▶ BRIEF:
Exactly as they appear, restate the lines of the material, from the first through the one containing "factor (1 - b)^(mu".

▶ DATASET EXTRACT:

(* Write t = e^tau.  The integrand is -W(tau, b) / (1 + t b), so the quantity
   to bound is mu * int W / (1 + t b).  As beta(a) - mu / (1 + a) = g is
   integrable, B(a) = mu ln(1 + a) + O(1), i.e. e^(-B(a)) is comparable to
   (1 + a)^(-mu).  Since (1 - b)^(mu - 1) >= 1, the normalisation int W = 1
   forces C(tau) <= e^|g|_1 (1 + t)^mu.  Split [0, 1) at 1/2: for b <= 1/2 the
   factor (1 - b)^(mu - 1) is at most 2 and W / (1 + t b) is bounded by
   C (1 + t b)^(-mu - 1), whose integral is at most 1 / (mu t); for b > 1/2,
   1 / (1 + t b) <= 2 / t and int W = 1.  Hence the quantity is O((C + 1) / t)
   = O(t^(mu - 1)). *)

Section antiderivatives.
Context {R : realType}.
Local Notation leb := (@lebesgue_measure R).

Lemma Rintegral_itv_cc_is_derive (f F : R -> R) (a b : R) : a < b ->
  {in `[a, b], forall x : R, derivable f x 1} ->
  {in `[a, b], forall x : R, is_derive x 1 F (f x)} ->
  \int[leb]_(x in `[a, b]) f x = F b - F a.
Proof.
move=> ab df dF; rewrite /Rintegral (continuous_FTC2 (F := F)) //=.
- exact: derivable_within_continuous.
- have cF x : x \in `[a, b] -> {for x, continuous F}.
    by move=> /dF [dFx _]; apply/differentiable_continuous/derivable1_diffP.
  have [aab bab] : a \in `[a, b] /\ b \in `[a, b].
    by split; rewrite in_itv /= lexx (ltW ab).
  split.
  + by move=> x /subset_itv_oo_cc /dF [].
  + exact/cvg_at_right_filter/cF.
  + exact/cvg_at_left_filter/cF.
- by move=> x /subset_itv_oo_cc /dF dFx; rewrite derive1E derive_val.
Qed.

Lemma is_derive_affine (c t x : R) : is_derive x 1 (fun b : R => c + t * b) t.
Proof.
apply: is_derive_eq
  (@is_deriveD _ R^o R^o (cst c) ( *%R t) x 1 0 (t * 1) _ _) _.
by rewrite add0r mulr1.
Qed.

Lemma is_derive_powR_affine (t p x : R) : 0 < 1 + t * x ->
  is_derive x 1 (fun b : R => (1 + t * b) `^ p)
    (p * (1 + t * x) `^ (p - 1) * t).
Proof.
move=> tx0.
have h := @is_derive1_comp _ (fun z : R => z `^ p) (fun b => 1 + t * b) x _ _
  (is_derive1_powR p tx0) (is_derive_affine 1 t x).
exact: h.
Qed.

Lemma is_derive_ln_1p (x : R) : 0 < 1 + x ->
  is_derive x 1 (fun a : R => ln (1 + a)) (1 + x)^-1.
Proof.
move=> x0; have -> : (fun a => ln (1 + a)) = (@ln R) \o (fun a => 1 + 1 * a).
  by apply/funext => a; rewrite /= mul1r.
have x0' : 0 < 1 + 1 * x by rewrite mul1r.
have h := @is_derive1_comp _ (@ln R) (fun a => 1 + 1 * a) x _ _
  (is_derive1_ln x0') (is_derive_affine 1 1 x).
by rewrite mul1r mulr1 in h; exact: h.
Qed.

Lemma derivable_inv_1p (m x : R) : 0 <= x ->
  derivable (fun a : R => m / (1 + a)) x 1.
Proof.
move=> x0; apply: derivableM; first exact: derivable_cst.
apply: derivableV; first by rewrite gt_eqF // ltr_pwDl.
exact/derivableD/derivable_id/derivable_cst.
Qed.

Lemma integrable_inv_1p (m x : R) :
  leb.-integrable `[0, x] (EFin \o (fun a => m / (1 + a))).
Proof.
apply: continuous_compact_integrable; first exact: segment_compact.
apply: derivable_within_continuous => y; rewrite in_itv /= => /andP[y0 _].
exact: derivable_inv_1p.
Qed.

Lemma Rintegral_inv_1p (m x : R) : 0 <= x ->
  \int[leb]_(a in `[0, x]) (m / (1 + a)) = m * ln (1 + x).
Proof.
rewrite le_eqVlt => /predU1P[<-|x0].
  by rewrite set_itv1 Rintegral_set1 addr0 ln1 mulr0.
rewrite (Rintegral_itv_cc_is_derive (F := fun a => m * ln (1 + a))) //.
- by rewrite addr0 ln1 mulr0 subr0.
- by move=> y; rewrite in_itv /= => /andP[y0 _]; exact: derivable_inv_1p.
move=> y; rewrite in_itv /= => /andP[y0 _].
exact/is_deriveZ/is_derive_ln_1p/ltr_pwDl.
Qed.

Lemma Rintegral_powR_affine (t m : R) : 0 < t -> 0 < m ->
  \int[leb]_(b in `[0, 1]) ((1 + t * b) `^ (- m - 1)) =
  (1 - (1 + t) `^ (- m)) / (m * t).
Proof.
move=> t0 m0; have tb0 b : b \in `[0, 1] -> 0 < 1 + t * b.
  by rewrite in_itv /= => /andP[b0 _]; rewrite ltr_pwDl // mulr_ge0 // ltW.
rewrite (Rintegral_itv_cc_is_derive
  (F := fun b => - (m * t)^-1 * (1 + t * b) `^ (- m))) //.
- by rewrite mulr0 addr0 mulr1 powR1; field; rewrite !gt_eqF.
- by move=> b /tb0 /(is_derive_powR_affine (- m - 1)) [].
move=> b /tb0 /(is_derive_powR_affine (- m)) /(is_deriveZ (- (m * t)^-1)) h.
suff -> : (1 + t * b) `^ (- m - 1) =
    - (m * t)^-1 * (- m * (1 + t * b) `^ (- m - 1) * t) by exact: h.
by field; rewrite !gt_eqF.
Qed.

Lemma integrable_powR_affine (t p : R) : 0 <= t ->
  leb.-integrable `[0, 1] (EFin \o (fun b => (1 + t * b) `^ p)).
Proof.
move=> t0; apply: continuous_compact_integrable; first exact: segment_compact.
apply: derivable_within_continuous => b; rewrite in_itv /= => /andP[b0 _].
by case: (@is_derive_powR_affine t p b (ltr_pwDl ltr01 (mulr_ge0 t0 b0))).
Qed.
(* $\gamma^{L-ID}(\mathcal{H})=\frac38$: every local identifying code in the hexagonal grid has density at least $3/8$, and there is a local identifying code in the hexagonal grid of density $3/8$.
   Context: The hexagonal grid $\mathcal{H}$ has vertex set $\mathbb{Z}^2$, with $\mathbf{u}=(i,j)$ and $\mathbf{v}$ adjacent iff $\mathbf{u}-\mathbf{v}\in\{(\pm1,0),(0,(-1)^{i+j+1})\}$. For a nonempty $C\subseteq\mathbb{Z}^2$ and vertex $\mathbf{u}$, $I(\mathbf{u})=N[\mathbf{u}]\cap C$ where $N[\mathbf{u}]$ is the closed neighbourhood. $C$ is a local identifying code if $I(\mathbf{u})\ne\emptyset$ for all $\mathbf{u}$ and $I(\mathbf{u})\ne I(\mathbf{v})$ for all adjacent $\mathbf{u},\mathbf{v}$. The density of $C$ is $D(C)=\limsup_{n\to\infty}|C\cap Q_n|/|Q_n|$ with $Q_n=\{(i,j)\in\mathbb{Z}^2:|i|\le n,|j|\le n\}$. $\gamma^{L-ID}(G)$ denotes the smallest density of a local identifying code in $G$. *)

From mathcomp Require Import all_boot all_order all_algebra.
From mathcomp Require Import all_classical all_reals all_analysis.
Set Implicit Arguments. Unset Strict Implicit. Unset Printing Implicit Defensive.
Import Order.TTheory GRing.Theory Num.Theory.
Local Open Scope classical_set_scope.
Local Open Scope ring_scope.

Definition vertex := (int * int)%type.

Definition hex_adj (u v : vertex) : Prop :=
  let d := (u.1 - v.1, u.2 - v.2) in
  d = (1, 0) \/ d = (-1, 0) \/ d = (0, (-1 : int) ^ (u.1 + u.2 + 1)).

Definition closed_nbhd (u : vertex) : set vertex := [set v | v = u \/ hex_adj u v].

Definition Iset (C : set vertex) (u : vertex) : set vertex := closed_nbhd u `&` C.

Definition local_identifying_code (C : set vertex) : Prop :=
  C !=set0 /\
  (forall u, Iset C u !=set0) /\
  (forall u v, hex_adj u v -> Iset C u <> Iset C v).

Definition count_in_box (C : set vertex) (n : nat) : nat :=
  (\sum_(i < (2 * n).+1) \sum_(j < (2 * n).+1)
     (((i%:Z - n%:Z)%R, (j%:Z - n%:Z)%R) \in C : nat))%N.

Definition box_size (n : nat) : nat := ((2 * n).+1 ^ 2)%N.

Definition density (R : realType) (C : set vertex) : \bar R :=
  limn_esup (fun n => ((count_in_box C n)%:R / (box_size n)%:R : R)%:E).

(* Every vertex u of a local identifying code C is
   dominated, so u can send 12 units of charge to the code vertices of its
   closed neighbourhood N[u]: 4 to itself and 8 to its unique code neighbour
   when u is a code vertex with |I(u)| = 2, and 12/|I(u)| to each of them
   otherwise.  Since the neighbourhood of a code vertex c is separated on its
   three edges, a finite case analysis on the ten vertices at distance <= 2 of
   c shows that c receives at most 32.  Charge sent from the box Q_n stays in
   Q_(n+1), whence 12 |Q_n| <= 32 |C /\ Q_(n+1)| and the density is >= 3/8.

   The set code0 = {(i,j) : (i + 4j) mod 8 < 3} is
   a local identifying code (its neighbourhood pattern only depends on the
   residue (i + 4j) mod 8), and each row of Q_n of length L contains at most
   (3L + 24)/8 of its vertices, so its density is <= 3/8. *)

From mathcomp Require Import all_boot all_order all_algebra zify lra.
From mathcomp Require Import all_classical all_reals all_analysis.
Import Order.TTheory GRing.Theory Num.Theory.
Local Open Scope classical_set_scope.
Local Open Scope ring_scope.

▶ SOLUTION BELOW:
(* Write t = e^tau.  The integrand is -W(tau, b) / (1 + t b), so the quantity
   to bound is mu * int W / (1 + t b).  As beta(a) - mu / (1 + a) = g is
   integrable, B(a) = mu ln(1 + a) + O(1), i.e. e^(-B(a)) is comparable to
   (1 + a)^(-mu).  Since (1 - b)^(mu - 1) >= 1, the normalisation int W = 1
   forces C(tau) <= e^|g|_1 (1 + t)^mu.  Split [0, 1) at 1/2: for b <= 1/2 the
   factor (1 - b)^(mu - 1) is at most 2 and W / (1 + t b) is bounded by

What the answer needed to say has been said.